▶ Your task
Find all lines below containing the string "integrable" and return them.

Collected data entries
┄┄┄┄┄┄
Definition is_cond_exp (G : set (set T)) (X Y : T -> R) :=
  [/\ measurable_wrt G Y, P.-integrable setT (EFin \o Y) &
      forall A, G A -> (\int[P]_(x in A) (Y x)%:E = \int[P]_(x in A) (X x)%:E)%E].

Definition cond_indep (G1 G2 H : set (set T)) :=
  forall A B, G1 A -> G2 B ->
    exists YA YB : T -> R,
      [/\ is_cond_exp H (\1_A) YA, is_cond_exp H (\1_B) YB &
          is_cond_exp H (\1_(A `&` B)) (YA \* YB)].

Definition supermartingale (G : nat -> set (set T)) (X : nat -> T -> R) :=
  [/\ forall t, measurable_wrt (G t) (X t),
      forall t, P.-integrable setT (EFin \o X t) &
      forall s t, (s <= t)%N -> forall Y, is_cond_exp (G s) (X t) Y ->
        {ae P, forall x, Y x <= X s x}].
End defs.

Definition mleq (d : nat) (s r : 'I_d -> nat) := forall i, (s i <= r i)%N.
Definition mmin (d : nat) (s r : 'I_d -> nat) : 'I_d -> nat :=
  fun i => minn (s i) (r i).
Definition unitv (d : nat) (i : 'I_d) (t : nat) : 'I_d -> nat :=
  fun j => if j == i then t else 0%N.

(* F_i(t) = F(t e_i) *)
Definition axisF (T : Type) (d : nat) (F : ('I_d -> nat) -> set (set T))
  (i : 'I_d) : nat -> set (set T) := fun t => F (unitv i t).
(* F^i(t) = sigma( U_{r : r_i <= t} F(r) ) *)
Definition slabF (T : Type) (d : nat) (F : ('I_d -> nat) -> set (set T))
  (i : 'I_d) : nat -> set (set T) :=
  fun t => smallest (sigma_algebra setT)
             (\bigcup_(r in [set r : 'I_d -> nat | (r i <= t)%N]) F r).

(* Fix s <= t and a version Z of E[X_t | F_i(s)], so that Z <= X_s a.s.; it
   suffices that Z is also a version of E[X_t | F^i(s)].  Since F^i(s) is
   generated by the intersection-stable family of the events A in some F(r)
   with r_i <= s, by Dynkin's lemma it is enough that E[Z 1_A] = E[X_t 1_A] for
   those A.  By (F4), F(r) and F(t e_i) are conditionally independent given
   F(r_i e_i), so W = E[1_A | F(r_i e_i)] is also E[1_A | F(t e_i)]; as W is
   F(s e_i)-measurable, E[Z 1_A] = E[Z W] = E[X_t W] = E[X_t 1_A]. *)

From HB Require Import structures.
From mathcomp Require Import all_boot all_order all_algebra.
From mathcomp Require Import all_classical all_reals all_analysis.
From mathcomp Require Import measurable_realfun.
Import Order.TTheory GRing.Theory Num.Theory.
Set Implicit Arguments. Unset Strict Implicit. Unset Printing Implicit Defensive.
Local Open Scope classical_set_scope.
Local Open Scope ring_scope.

Section sub_sigma_algebra.
Context {d : measure_display} {T : measurableType d} (G : set (set T)).
Hypothesis sG : sub_sigma G.
Local Notation TG := (g_sigma_algebraType G).

Lemma sub_sigma_measurableP (A : set T) : measurable (A : set TG) <-> G A.
Proof. by rewrite measurable_g_measurableTypeE //; case: sG. Qed.

Lemma sub_sigma_measurable A : G A -> measurable A.
Proof. exact: sG.2. Qed.

Lemma sub_sigma_setT : G setT.
Proof. by apply/sub_sigma_measurableP. Qed.

Lemma sub_sigma_setI A B : G A -> G B -> G (A `&` B).
Proof.
move=> /sub_sigma_measurableP GA /sub_sigma_measurableP GB.
by apply/sub_sigma_measurableP/measurableI.
Qed.

Lemma measurable_sub_sigma_id : measurable_fun [set: T] (id : T -> TG).
Proof.
move=> _ B /sub_sigma_measurableP GB; rewrite setTI preimage_id.
exact: sub_sigma_measurable.
Qed.

Lemma measurable_fun_sub_sigma {d'} {U : measurableType d'} (f : T -> U) :
  measurable_fun [set: TG] (f : TG -> U) -> measurable_fun [set: T] f.
Proof.
move=> mf _ B mB; have := mf measurableT B mB; rewrite !setTI.
by move/sub_sigma_measurableP/sub_sigma_measurable.
Qed.

Context {R : realType}.

Lemma measurable_wrtP (f : T -> R) :
  measurable_wrt G f <-> measurable_fun [set: TG] (f : TG -> R).
Proof.
split => [mf _ B mB | mf B mB]; first by rewrite setTI; apply/sub_sigma_measurableP/mf.
by apply/sub_sigma_measurableP; rewrite -[X in measurable X]setTI; exact: mf.
Qed.

Lemma measurable_wrt_measurable (f : T -> R) :
  measurable_wrt G f -> measurable_fun [set: T] f.
Proof. by move/measurable_wrtP/measurable_fun_sub_sigma. Qed.

Lemma measurable_wrt_cst (c : R) : measurable_wrt G (cst c).
Proof. by apply/measurable_wrtP. Qed.

End sub_sigma_algebra.

Lemma measurable_wrtS {d} {T : measurableType d} {R : realType}
    (G1 G2 : set (set T)) (f : T -> R) :
  G1 `<=` G2 -> measurable_wrt G1 f -> measurable_wrt G2 f.
Proof. by move=> G12 mf B mB; apply/G12/mf. Qed.

Section integrals_on_sub_sigma.
Context {d : measure_display} {T : measurableType d} {R : realType}.
Variable mu : {measure set T -> \bar R}.
Local Open Scope ereal_scope.

Definition integrals_agree (G : set (set T)) (f1 f2 : T -> R) :=
  forall C, G C -> \int[mu]_(x in C) (f1 x)%:E = \int[mu]_(x in C) (f2 x)%:E.

Lemma integral_setT_indic (B : set T) (f : T -> R) :
  \int[mu]_(x in B) (f x)%:E = \int[mu]_x (f x * \1_B x)%:E.
Proof.
by rewrite integral_mkcond; apply: eq_integral => x _; rewrite epatch_indic /= EFinM.
Qed.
┄┄┄┄┄┄
▶ Reply
  [/\ measurable_wrt G Y, P.-integrable setT (EFin \o Y) &
      forall t, P.-integrable setT (EFin \o X t) &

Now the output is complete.